# [WHAT THE TASK REQUIRES]
In the data, extract each line that holds the string "scalemxAr".

*** DATA UNDER STUDY ***

Lemma sigma_completeness (r c r' c' : 'I_2) :
  \sum_(a < 4) sigma a r c * sigma a c' r' = ((r == r') && (c == c'))%:R *+ 2.
Proof.
have ii : 'i%C * 'i%C = -1 :> C by rewrite -expr2 sqr_i.
rewrite !big_ord_recl big_ord0 /=.
by case_bit r; case_bit c; case_bit r'; case_bit c';
  rewrite /sigma /= ?mulrN ?mulNr ?ii; ring.
Qed.

Lemma sigma_phase_comm (a b : 'I_4) :
  sigma_phase a b = (-1) ^+ label_anticomm a b * sigma_phase b a.
Proof. by case_label a; case_label b; rewrite /sigma_phase /=; ring. Qed.

Lemma sigma_phase_sqr (a b : 'I_4) : sigma_phase a b ^+ 2 = (-1) ^+ label_anticomm a b.
Proof. by case_label a; case_label b; rewrite /sigma_phase /= ?sqrrN ?sqr_i ?expr1n. Qed.

Lemma sum_sign_label_anticomm (a : 'I_4) :
  \sum_(b < 4) (-1) ^+ label_anticomm a b = (a == ord0)%:R *+ 4 :> C.
Proof. by rewrite !big_ord_recl big_ord0; case_label a; rewrite /label_anticomm /=; ring. Qed.

End SingleQubit.

Lemma eq_bits_nat n i j : (i < 2 ^ n)%N -> (j < 2 ^ n)%N ->
  (forall k, (k < n)%N -> odd (i %/ 2 ^ k) = odd (j %/ 2 ^ k)) -> i = j.
Proof.
elim: n i j => [|n IHn] i j; first by rewrite expn0 !ltnS !leqn0 => /eqP-> /eqP->.
rewrite expnS => lt_i lt_j eq_bits.
have eq_half : i./2 = j./2.
  apply: IHn; rewrite -?divn2 ?ltn_divLR // 1?mulnC //.
  by move=> k lt_k; rewrite -!divnMA -expnS; apply: eq_bits.
have := eq_bits 0%N isT; rewrite !divn1 => eq_odd.
by rewrite -(odd_double_half i) -(odd_double_half j) eq_odd eq_half.
Qed.

Definition qbits n (i : 'I_(2 ^ n)) : {ffun 'I_n -> 'I_2} := [ffun k => qbit i k].

Lemma qbitE n (i : 'I_(2 ^ n)) k : qbit i k = odd (i %/ 2 ^ k) :> nat.
Proof. by rewrite /qbit inordK // ltnS leq_b1. Qed.

Lemma qbits_bij n : bijective (@qbits n).
Proof.
apply: inj_card_bij; last by rewrite card_ffun !card_ord.
move=> i j /ffunP eq_ij; apply/val_inj/(eq_bits_nat (ltn_ord i) (ltn_ord j)) => k lt_k.
have := eq_ij (Ordinal lt_k); rewrite !ffunE => /(congr1 val).
by rewrite /= !qbitE; case: odd; case: odd.
Qed.

Lemma prod_eq_ffun (R : comPzSemiRingType) (I : finType) (J : eqType) (f g : {ffun I -> J}) :
  \prod_(i : I) (f i == g i)%:R = (f == g)%:R :> R.
Proof.
have [<-|/eqP neq_fg] := eqVneq f g; first by rewrite big1 // => i _; rewrite eqxx.
have [i neq_i] : exists i, f i != g i.
  apply/existsP; apply: contra_notT neq_fg => /existsPn same.
  by apply/ffunP => i; apply/eqP/negPn.
by rewrite (bigD1 i) //= (negbTE neq_i) mul0r.
Qed.

Section QubitSums.
Variables (R : comNzRingType) (n : nat).

Lemma sum_prod_qbit (g : 'I_n -> 'I_2 -> R) :
  \sum_(j < 2 ^ n) \prod_(k < n) g k (qbit j k) = \prod_(k < n) \sum_(b < 2) g k b.
Proof.
rewrite bigA_distr_bigA (reindex _ (onW_bij _ (qbits_bij n))) /=.
by apply: eq_bigr => j _; apply: eq_bigr => k _; rewrite ffunE.
Qed.

Lemma prod_qbit_eq (i j : 'I_(2 ^ n)) :
  \prod_(k < n) (qbit i k == qbit j k)%:R = (i == j)%:R :> R.
Proof.
rewrite -(inj_eq (bij_inj (qbits_bij n))) -prod_eq_ffun.
by apply: eq_bigr => k _; rewrite !ffunE.
Qed.

End QubitSums.

Section PauliStrings.
Variables (R : realType) (n : nat).
Local Notation C := R[i].
Local Notation PS := (pauli_string n).
Local Notation pm := (@pauli_mx R n).

Definition pauli_id : PS := [ffun=> ord0].
Definition pauli_mul (P Q : PS) : PS := [ffun k => label_mul (P k) (Q k)].
Definition pauli_phase (P Q : PS) : C := \prod_(k < n) sigma_phase R (P k) (Q k).
Definition pauli_sign (P Q : PS) : C := \prod_(k < n) (-1) ^+ label_anticomm (P k) (Q k).

Lemma pauli_mulC (P Q : PS) : pauli_mul P Q = pauli_mul Q P.
Proof. by apply/ffunP => k; rewrite !ffunE label_mulC. Qed.

Lemma pauli_mulK (P : PS) : involutive (pauli_mul P).
Proof. by move=> Q; apply/ffunP => k; rewrite !ffunE label_mulK. Qed.

Lemma pauli_mx_mul (P Q : PS) : pm P *m pm Q = pauli_phase P Q *: pm (pauli_mul P Q).
Proof.
apply/matrixP => i j; rewrite !mxE.
under eq_bigr do rewrite !mxE -big_split /=.
rewrite (sum_prod_qbit (fun k b => sigma R (P k) (qbit i k) b * sigma R (Q k) b (qbit j k))).
by rewrite -big_split; apply: eq_bigr => k _; rewrite sigma_mul ffunE.
Qed.

Lemma pauli_mx_conj (P : PS) i j : (pm P i j)^*%C = pm P j i.
Proof. by rewrite !mxE rmorph_prod; apply: eq_bigr => k _; apply: sigma_conj. Qed.

Lemma pauli_mx_id : pm pauli_id = 1%:M.
Proof.
apply/matrixP => i j; rewrite !mxE -prod_qbit_eq.
by apply: eq_bigr => k _; rewrite ffunE sigma_id.
Qed.

Lemma pauli_signC (P Q : PS) : pauli_sign P Q = pauli_sign Q P.
Proof. by apply: eq_bigr => k _; rewrite label_anticommC. Qed.

Lemma pauli_sign_mull (P P' Q : PS) :
  pauli_sign (pauli_mul P P') Q = pauli_sign P Q * pauli_sign P' Q.
Proof.
rewrite -big_split; apply: eq_bigr => k _.
by rewrite ffunE label_anticomm_mull signr_addb.
Qed.

Lemma pauli_sign_sqr (P Q : PS) : pauli_sign P Q ^+ 2 = 1.
Proof. by rewrite -prodrXl big1 // => k _; rewrite sqrr_sign. Qed.

Lemma pauli_phase_sqr (P Q : PS) : pauli_phase P Q ^+ 2 = pauli_sign P Q.
Proof. by rewrite -prodrXl; apply: eq_bigr => k _; rewrite sigma_phase_sqr. Qed.

Lemma pauli_mx_comm (P Q : PS) : pm P *m pm Q = pauli_sign P Q *: (pm Q *m pm P).
Proof.
rewrite !pauli_mx_mul scalerA pauli_mulC -big_split.
by congr (_ *: _); apply: eq_bigr => k _; rewrite sigma_phase_comm.
Qed.

Lemma sum_pauli_sign (P : PS) : \sum_(Q : PS) pauli_sign P Q = (P == pauli_id)%:R *+ 4 ^ n.
Proof.
rewrite -(bigA_distr_bigA (fun k b => (-1) ^+ label_anticomm (P k) b)) /=.
under eq_bigr do rewrite sum_sign_label_anticomm.
rewrite prodrMn_const card_ord -prod_eq_ffun.
by congr (_ *+ _); apply: eq_bigr => k _; rewrite ffunE.
Qed.

Lemma sum_pauli_mx_conj (i j i' j' : 'I_(2 ^ n)) :
  \sum_(P : PS) pm P i j * (pm P i' j')^*%C = ((i == i') && (j == j'))%:R *+ 2 ^ n.
Proof.
under eq_bigr do rewrite pauli_mx_conj !mxE -big_split /=.
rewrite -(bigA_distr_bigA (fun k a =>
  sigma R a (qbit i k) (qbit j k) * sigma R a (qbit j' k) (qbit i' k))) /=.
under eq_bigr do rewrite sigma_completeness.
rewrite prodrMn_const card_ord -mulnb natrM -prod_qbit_eq -prod_qbit_eq -big_split.
by congr (_ *+ _); apply: eq_bigr => k _; rewrite -mulnb natrM.
Qed.

End PauliStrings.

Section ConjugateTranspose.
Variable C : numClosedFieldType.
Local Open Scope sesquilinear_scope.

Lemma trmxC_mul m n p (A : 'M[C]_(m, n)) (B : 'M[C]_(n, p)) :
  (A *m B) ^t* = B ^t* *m A ^t*.
Proof. by rewrite -!map_trmx map_mxM trmx_mul. Qed.

Lemma trmxC_scale m n (a : C) (A : 'M[C]_(m, n)) : (a *: A) ^t* = a^* *: A ^t*.
Proof. by rewrite -!map_trmx map_mxZ linearZ. Qed.

End ConjugateTranspose.

Section Stabilizer.
Variables (R : realType) (n : nat) (psi : 'cV[R[i]]_(2 ^ n)).
Hypothesis psi_pure : is_pure_state psi.
Local Open Scope sesquilinear_scope.
Local Notation C := R[i].
Local Notation PS := (pauli_string n).
Local Notation pm := (@pauli_mx R n).

Lemma pauli_mx_adj (P : PS) : pm P ^t* = pm P.
Proof. by apply/matrixP => i j; rewrite [LHS]mxE [X in X^*]mxE; apply: pauli_mx_conj. Qed.

Lemma pure_state_norm : psi ^t* *m psi = 1.
Proof.
apply/matrixP => i j; rewrite !ord1 !mxE eqxx -psi_pure.
by apply: eq_bigr => k _; rewrite !mxE.
Qed.

Lemma expvalE (P : PS) : expval P psi = (psi ^t* *m pm P *m psi) 0 0.
Proof.
rewrite /expval mxE exchange_big; apply: eq_bigr => j _; rewrite mxE mulr_suml.
by apply: eq_bigr => i _; rewrite !mxE.
Qed.

Lemma StP (P : PS) : reflect (exists b : bool, pm P *m psi = (-1) ^+ b *: psi) (P \in St psi).
Proof.
rewrite inE; apply: (iffP orP) => [[]/eqP eq_P | [[] eq_P]].
- by exists false; rewrite scale1r.
- by exists true; rewrite scaleN1r.
- by right; rewrite eq_P scaleN1r.
- by left; rewrite eq_P scale1r.
Qed.

Lemma expval_St_neq0 (P : PS) : P \in St psi -> expval P psi != 0.
Proof.
case/StP=> b eq_P; rewrite expvalE -mulmxA eq_P -scalemxAr pure_state_norm.
by rewrite !mxE eqxx mulr1 signr_eq0.
Qed.

Lemma St_sign_expval (S Q : PS) : S \in St psi -> expval Q psi != 0 -> pauli_sign R S Q = 1.
Proof.
case/StP=> b eq_S; rewrite expvalE => nz_e.
have bra_S : psi ^t* *m pm S = (-1) ^+ b *: psi ^t*.
  by rewrite -[pm S]pauli_mx_adj -trmxC_mul eq_S trmxC_scale rmorph_sign.
have eq_psi : psi = (-1) ^+ b *: (pm S *m psi) by rewrite eq_S signrZK.
have eq_e : psi ^t* *m pm Q *m psi = pauli_sign R Q S *: (psi ^t* *m pm Q *m psi).
  rewrite {2}eq_psi -!scalemxAr mulmxA -(mulmxA _ (pm Q)) pauli_mx_comm.
  by rewrite -scalemxAr -scalemxAl !mulmxA bra_S -!scalemxAl scalerA mulrC -scalerA signrZK.
have /matrixP/(_ 0 0) := eq_e; rewrite [RHS]mxE => eq_e00.
by rewrite pauli_signC; apply: (mulIf nz_e); rewrite mul1r -eq_e00.
Qed.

*** End of DATA UNDER STUDY ***

# [EXERCISE ANSWER]
case/StP=> b eq_P; rewrite expvalE -mulmxA eq_P -scalemxAr pure_state_norm.
  rewrite {2}eq_psi -!scalemxAr mulmxA -(mulmxA _ (pm Q)) pauli_mx_comm.
  by rewrite -scalemxAr -scalemxAl !mulmxA bra_S -!scalemxAl scalerA mulrC -scalerA signrZK.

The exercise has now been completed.